正明に似たものを感じ自分から連絡をとって付き合うようになる。
霊感が強い。
紀藤和彦
正明の会社の先輩。27歳。
長身で筋肉質な体型。
自分で会社を興して独立するという野心を持っている。
女性の扱いがうまく面白い性格。
高田尚美
紀藤先輩の彼女で、春香の大学時代の同級生。23歳。
周りの場を和ませる明るい性格。
倉持
正明の同僚。33歳。
前科を持っているが真面目に更生している。
正明に心を開いている。
半井美奈子
春香の双子の妹。
表情が豊かで明るい性格。
歌舞伎町のパブ&スナック「シェリール」で働いている。
同じ店の子からは魔性の女と呼ばれている。
正明と紀藤の両方がタイプ。
感想
イニシエーション・ラブのトリックが全然見破れなかったこともあり、今回は最初からメモを取りながら用心深く読みました。

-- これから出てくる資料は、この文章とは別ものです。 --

Lemma hopf_heap_op : hopf_heap cop_op cou chi_op.
Proof.
have [t1 [t2 t3]] := chi_trilin (cop := cop) (cou := cou).
split=> //.
- split.
  + by split; [|split] => ? ?; [apply: t3 | apply: t2 | apply: t1].
  + move=> a b c W g [g_lin2 g_lin1].
    have g_op : bilin (fun x y => g y x) by split.
    transitivity (sweedler cop (chi c b a) (fun x y => g y x)); first exact: big_map.
    rewrite sw_chi // sw_exch.
    under sw_ext => ? ? do rewrite sw_exch.
    rewrite sw_exch /sweedler big_allpairs_dep big_map.
    apply: eq_bigr => p _; rewrite big_allpairs_dep big_map.
    by apply: eq_bigr => q _; rewrite big_map.
  + by move=> a b c; rewrite /chi_op cou_chi; ring.
- by move=> a b c d e; rewrite /chi_op chi_assoc.
- by move=> a c; rewrite /cop_op big_map; apply: chi_cancel_r.
- by move=> a c; rewrite /cop_op big_map; apply: chi_cancel_l.
Qed.

End CoOpposite.

Section Sandwich.
Context {F : fieldType} {V : lmodType F}.
Variables (cop : V -> seq (V * V)) (cou : V -> F) (chi : V -> V -> V -> V).
Context {coalg : coalgebra cop cou} {heap : hopf_heap cop cou chi}.
Local Notation sw := (sweedler cop).

Definition sandwich (b p q w : V) : V := sw b (fun b1 b2 => chi b1 (chi p q b2) w).

Lemma sandwich_sw b p q c (f : V -> V -> V) :
  sandwich b p q (sw c f) = sw c (fun x y => sandwich b p q (f x y)).
Proof. by rewrite /sandwich sw_exch; apply: sw_ext => x y; rewrite chi_sw3. Qed.

Lemma sandwichZ b p q k w : sandwich b p q (k *: w) = k *: sandwich b p q w.
Proof. by rewrite /sandwich sw_scale; apply: sw_ext => x y; rewrite chiZ3. Qed.

(* Left cancellation of [p, q, b], whose coproduct is
   [p_(1), q_(2), b_(1)] (x) [p_(2), q_(1), b_(2)]. *)
Lemma sandwich_cancel b p q w :
  sw p (fun p1 p2 => sw q (fun q1 q2 => chi p1 q2 (sandwich b p2 q1 w))) =
  (cou p * cou q * cou b) *: w.
Proof.
rewrite -cou_chi -(chi_cancel_l w (chi p q b)) sw_chi; last by bilin_tac.
apply: sw_ext => ? ?; apply: sw_ext => ? ?; rewrite /sandwich chi_sw3.
by apply: sw_ext => ? ?; rewrite chi_assoc.
Qed.

Variable e : V.
Hypothesis cou_e : cou e = 1.

Lemma sandwich_inverse p q v :
  sw p (fun p1 p2 => sw q (fun q1 q2 => sandwich e p1 q2 (chi p2 q1 v))) =
  (cou p * cou q) *: v.
Proof.
(* split the leg r2 of e so that a right cancellation of [p, q, _] appears *)
have split_leg p1 p2 q1 q2 r1 r2 :
  chi r1 (chi p1 q2 r2) (chi p2 q1 v) =
  sw r2 (fun s1 s2 => sw s1 (fun t1 t2 =>
     chi (chi r1 (chi p1 q2 t1) (chi p2 q1 t2)) s2 v)).
  rewrite sw_coassoc; last by trilin_tac.
  rewrite -[LHS](sw_counit_r (g := fun s => chi r1 (chi p1 q2 s) (chi p2 q1 v))) /=;
    last by lin_tac.
  apply: sw_ext => s1 s2.
  under sw_ext => t1 t2 do rewrite !chi_assoc.
  by rewrite -!chi_sw3 chi_cancel_l !chiZ3.
(* right cancellation of [p, q, s_(1)] *)
have cancel_mid z s1 s2 :
  sw p (fun p1 p2 => sw q (fun q1 q2 => sw s1 (fun t1 t2 =>
     chi (chi z (chi p1 q2 t1) (chi p2 q1 t2)) s2 v))) =
  (cou p * cou q * cou s1) *: chi z s2 v.
  by rewrite -cou_chi -chiZ1 -chi_cancel_r chi_sw1 sw_chi //; bilin_tac.
rewrite /sandwich.
under sw_ext => p1 p2 do under sw_ext => q1 q2 do under sw_ext => r1 r2 do
  rewrite split_leg.
under sw_ext => p1 p2 do rewrite sw_exch.
rewrite sw_exch.
under sw_ext => z w do under sw_ext => p1 p2 do rewrite sw_exch.
under sw_ext => z w do rewrite sw_exch.
have counit_mid z w : sw w (fun s1 s2 => cou s1 *: chi z s2 v) = chi z w v.
  by rewrite sw_counit_l //; lin_tac.
under sw_ext => z w do under sw_ext => s1 s2 do rewrite cancel_mid -scalerA.
under sw_ext => z w do rewrite -sw_scale counit_mid.
by rewrite -sw_scale chi_cancel_l cou_e scale1r.
Qed.

(* Both sides arise from sum S_e(p_(1), q_(3), [p_(2), q_(2), S_b(p_(3), q_(1), w)]),
   evaluated with sandwich_cancel and with sandwich_inverse respectively. *)
Lemma sandwich_counit b p q w : sandwich b p q w = cou b *: sandwich e p q w.
Proof.
pose E pa pb pc qa qb qc := sandwich e pa qc (chi pb qb (sandwich b pc qa w)).
have via_cancel : sw p (fun pa pr => sw pr (fun pb pc => sw q (fun qr qc =>
    sw qr (fun qa qb => E pa pb pc qa qb qc)))) = cou b *: sandwich e p q w.
  have counit_q pa : sw q (fun qr qc => cou qr *: (cou b *: sandwich e pa qc w)) =
      cou b *: sandwich e pa q w.
    by rewrite sw_counit_l //; rewrite /sandwich; lin_tac.
  rewrite /E.
  under sw_ext => pa pr do rewrite sw_exch.
  under sw_ext => pa pr do under sw_ext => qr qc do under sw_ext => pb pc do
    rewrite -sandwich_sw.
  under sw_ext => pa pr do under sw_ext => qr qc do
    rewrite -sandwich_sw sandwich_cancel sandwichZ -!scalerA.
  under sw_ext => pa pr do rewrite -sw_scale counit_q.
  by rewrite sw_counit_r //; rewrite /sandwich; lin_tac.
have via_inverse : sw p (fun pa pr => sw pr (fun pb pc => sw q (fun qr qc =>
    sw qr (fun qa qb => E pa pb pc qa qb qc)))) = sandwich b p q w.
  have counit_q pl pc :
      sw q (fun z w0 => cou w0 *: (cou pl *: sandwich b pc z w)) =
      cou pl *: sandwich b pc q w.
    by rewrite sw_counit_r //; rewrite /sandwich; lin_tac.
  rewrite /E.
  under sw_ext => pa pr.
    under sw_ext => pb pc.
      rewrite sw_coassoc; last by rewrite /sandwich; trilin_tac.
      over.
    over.
  rewrite -sw_coassoc /=; last by rewrite /sandwich; trilin_tac.
  under sw_ext => pl pc do rewrite sw_exch.
  under sw_ext => pl pc do under sw_ext => z w0 do rewrite sandwich_inverse mulrC -scalerA.
  under sw_ext => pl pc do rewrite counit_q.
  by rewrite sw_counit_l //; rewrite /sandwich; lin_tac.
by rewrite -via_inverse via_cancel.
Qed.

End Sandwich.

Section GrunspanMap.
Context {F : fieldType} {V : lmodType F}.
Variables (cop : V -> seq (V * V)) (cou : V -> F) (chi : V -> V -> V -> V).
Context {coalg : coalgebra cop cou} {heap : hopf_heap cop cou chi}.
Variable e : V.
Hypothesis cou_e : cou e = 1.
Local Notation sw := (sweedler cop).
Local Notation S := (sandwich cop chi).
Local Notation theta := (heap_theta cop chi e).

(* Mirror image of sandwich_counit, read off in the opposite heap. *)
Lemma sandwich_op_counit b w q p :
  sw b (fun b1 b2 => chi w (chi b1 q p) b2) =
  cou b *: sw e (fun b1 b2 => chi w (chi b1 q p) b2).
Proof.
have := @sandwich_counit _ _ _ _ _ (@coalgebra_op _ _ cop cou coalg)
  (@hopf_heap_op _ _ cop cou chi heap) e cou_e b p q w.
by rewrite /sandwich !sw_op.
Qed.

Lemma theta_expand c : theta c =
  sw c (fun x y => sw x (fun c1 c2 => sw e (fun r1 r2 => chi c1 (chi r1 y c2) r2))).
Proof. by rewrite /heap_theta /cop3 big_allpairs_dep. Qed.

(* theta c = sum S_e(e_(1), c, e_(2)): c now occurs once, linearly. *)
Lemma theta_sandwich c : theta c = sw e (fun e1 e2 => S e e1 c e2).
Proof.
rewrite theta_expand.
under sw_ext => x y do rewrite sw_exch.
under sw_ext => x y do under sw_ext => r1 r2 do
  rewrite -/(sandwich cop chi x r1 y r2) (sandwich_counit cou_e).
rewrite sw_exch; apply: sw_ext => r1 r2.
by rewrite sw_counit_l //; rewrite /sandwich; lin_tac.
Qed.

Lemma sandwich_absorb c p : sw p (fun p1 p2 => S e p1 c p2) = cou p *: theta c.
Proof.
rewrite /sandwich sw_exch.
under sw_ext => v1 v2 do rewrite sandwich_op_counit.
by rewrite -sw_scale theta_sandwich /sandwich sw_exch.
Qed.

(* [a, [d, c, b], f] = [a, b, S_e(d, c, f)]: expand b with the right
   cancellation law and absorb the middle leg by sandwich_counit. *)
Lemma chi_middle a d c b f : chi a (chi d c b) f = chi a b (S e d c f).
Proof.
transitivity (sw b (fun x y => cou x *: chi a (chi d c y) f)).
  by rewrite sw_counit_l //; lin_tac.
under sw_ext => x y do rewrite -chiZ1 -chi_cancel_r chi_sw1.
under sw_ext => x y do under sw_ext => x1 x2 do rewrite chi_assoc.
rewrite sw_coassoc; last by trilin_tac.
under sw_ext => x y do
  rewrite -chi_sw3 -/(sandwich cop chi y d c f) (sandwich_counit cou_e) chiZ3.
by rewrite sw_counit_r //; lin_tac.
Qed.

Lemma sandwich_chi x c y1 y2 f : S e x c (chi y1 y2 f) = chi (S e x c y1) y2 f.
Proof. by rewrite /sandwich chi_sw1; apply: sw_ext => v1 v2; rewrite chi_assoc. Qed.

(* S_e(d, c, f) = [theta c, d, f]: expand d with the left cancellation law
   and absorb the outer leg by sandwich_absorb. *)
Lemma sandwich_theta d c f : S e d c f = chi (theta c) d f.
Proof.
transitivity (sw d (fun x y => cou y *: S e x c f)).
  by rewrite sw_counit_r //; rewrite /sandwich; lin_tac.
under sw_ext => x y do rewrite -sandwichZ -chi_cancel_l sandwich_sw.
under sw_ext => x y do under sw_ext => y1 y2 do rewrite sandwich_chi.
rewrite -sw_coassoc /=; last by rewrite /sandwich; trilin_tac.
under sw_ext => x y do rewrite -chi_sw1 sandwich_absorb chiZ1.
by rewrite sw_counit_l //; lin_tac.
Qed.

Lemma theta_grunspan a b c d f : chi (chi a b (theta c)) d f = chi a (chi d c b) f.
Proof. by rewrite chi_assoc chi_middle sandwich_theta. Qed.

(* theta is linear and counital, since c occurs linearly in theta_sandwich. *)
Lemma theta_lin : lin theta.
Proof.
move=> a x y; rewrite !theta_sandwich.
have S_lin : lin (fun c => sw e (fun e1 e2 => S e e1 c e2)) by rewrite /sandwich; lin_tac.
exact: S_lin.
Qed.

Lemma theta_counit c : cou (theta c) = cou c.
Proof.
rewrite theta_sandwich /sandwich /sweedler cou_sum.
under eq_bigr => r _ do rewrite cou_sum.
under eq_bigr => r _ do under eq_bigr => v _ do rewrite !cou_chi.
transitivity (\sum_(r <- cop e) \sum_(v <- cop e)
  (cou v.1 * cou v.2) * (cou r.1 * cou r.2 * cou c)).
  by apply: eq_bigr => r _; apply: eq_bigr => v _; ring.
under eq_bigr => r _ do rewrite -big_distrl /= counit_mul cou_e mul1r.
by rewrite -big_distrl /= counit_mul cou_e !mul1r.
Qed.

(* theta is comultiplicative, tested against an arbitrary bilinear f. *)
Section Comultiplicativity.
Variables (W : lmodType F) (f : V -> V -> W).
Hypothesis f_bilin : bilin f.

Lemma lin_f1 (E : V -> V) y : lin E -> lin (fun x => f (E x) y).
Proof. by move=> E_lin; apply: (lin_comp (f := fun t => f t y)) => //; case: f_bilin. Qed.

Lemma lin_f2 (E : V -> V) y : lin E -> lin (fun x => f y (E x)).
Proof. by move=> E_lin; apply: (lin_comp (f := fun t => f y t)) => //; case: f_bilin. Qed.

Local Ltac lin_f_tac := repeat (first
  [ apply: lin_id | apply: lin_chi1 | apply: lin_chi2 | apply: lin_chi3
  | apply: lin_f1 | apply: lin_f2
  | apply: lin_swF | apply: lin_swE | apply: lin_scale | move=> ? /= ]).

Lemma f_sw1 c (g : V -> V -> V) y : f (sw c g) y = sw c (fun x1 x2 => f (g x1 x2) y).
Proof. by apply: (sw_pull _ (L := fun t => f t y)); apply: lin_f1. Qed.

Lemma f_sw2 c (g : V -> V -> V) x : f x (sw c g) = sw c (fun y1 y2 => f x (g y1 y2)).
Proof. by apply: (sw_pull _ (L := fun t => f x t)); apply: lin_f2. Qed.

Lemma fZ1 k x y : f (k *: x) y = k *: f x y.
Proof. exact: (linZ (lin_f1 y (@lin_id _ V))). Qed.

Lemma fZ2 k x y : f x (k *: y) = k *: f x y.
Proof. exact: (linZ (lin_f2 x (@lin_id _ V))). Qed.

Lemma sw_sw c (g : V -> V -> V) : sw (sw c g) f = sw c (fun x y => sw (g x y) f).
Proof. by apply: (sw_pull _ (L := fun t => sw t f)); apply: sw_lin. Qed.

Lemma sw_chi_chi a p q r b :
  sw (chi a (chi p q r) b) f =
  sw a (fun a1 a2 => sw p (fun p1 p2 => sw q (fun q1 q2 => sw r (fun r1 r2 =>
    sw b (fun b1 b2 => f (chi a1 (chi p2 q1 r2) b1) (chi a2 (chi p1 q2 r1) b2)))))).
Proof.
rewrite sw_chi //; apply: sw_ext => a1 a2; rewrite sw_chi //.
by split => ? /=; lin_f_tac.
Qed.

1980年代の話なので携帯電話もなく、描写が古いと思うところもありましたが引き込まれてグイグイ読めます。
半日くらいで読み終わりました。
イニシエーション・ラブの続編ではありませんが時代背景は同じ時期なので50代以上の人は特に楽しめると思います。
トリックがいくつかあってわかるものもありましたが、疑問に思うところもあり結局解説サイトのお世話になりました。
読み終わってすぐ最初のほうを読んで話の内容を確認しましたが終わり方に納得がいかずモヤモヤしました。
すぐに諦めずに、もう少しだけ注意深く読めばトリックがわかったかもしれません。
最後の数行で驚く仕掛けはイニシエーション・ラブと同じでしたが後味が悪く、衝撃も少なかったです。
ヒロインの名前とタイトルが中森明菜さんと宇多田ヒカルさんをもとにつけられていることが最後の解説でわかって面白いと思いました。
ローマ字を並べ替えると半井美奈子=中森明菜、内田春香=宇多田ヒカルになります。
物語の内容と歌詞がリンクしている部分もあって、いろいろ探すのも楽しいです。
個人的に気になったのは登場人物にアダルトチルドレンが多いということです。
小さい頃の家庭環境がよくないと恋愛にも影響が出てしまうんですね。
女性って怖いなと思いました。
解説サイトではいろいろな推理で盛り上がっていました。
自分なりの解釈で物語の世界が広がるのがこの小説の醍醐味なのかもしれません。
みなさんも自分なりの裏ストーリーを探してみてくださいね。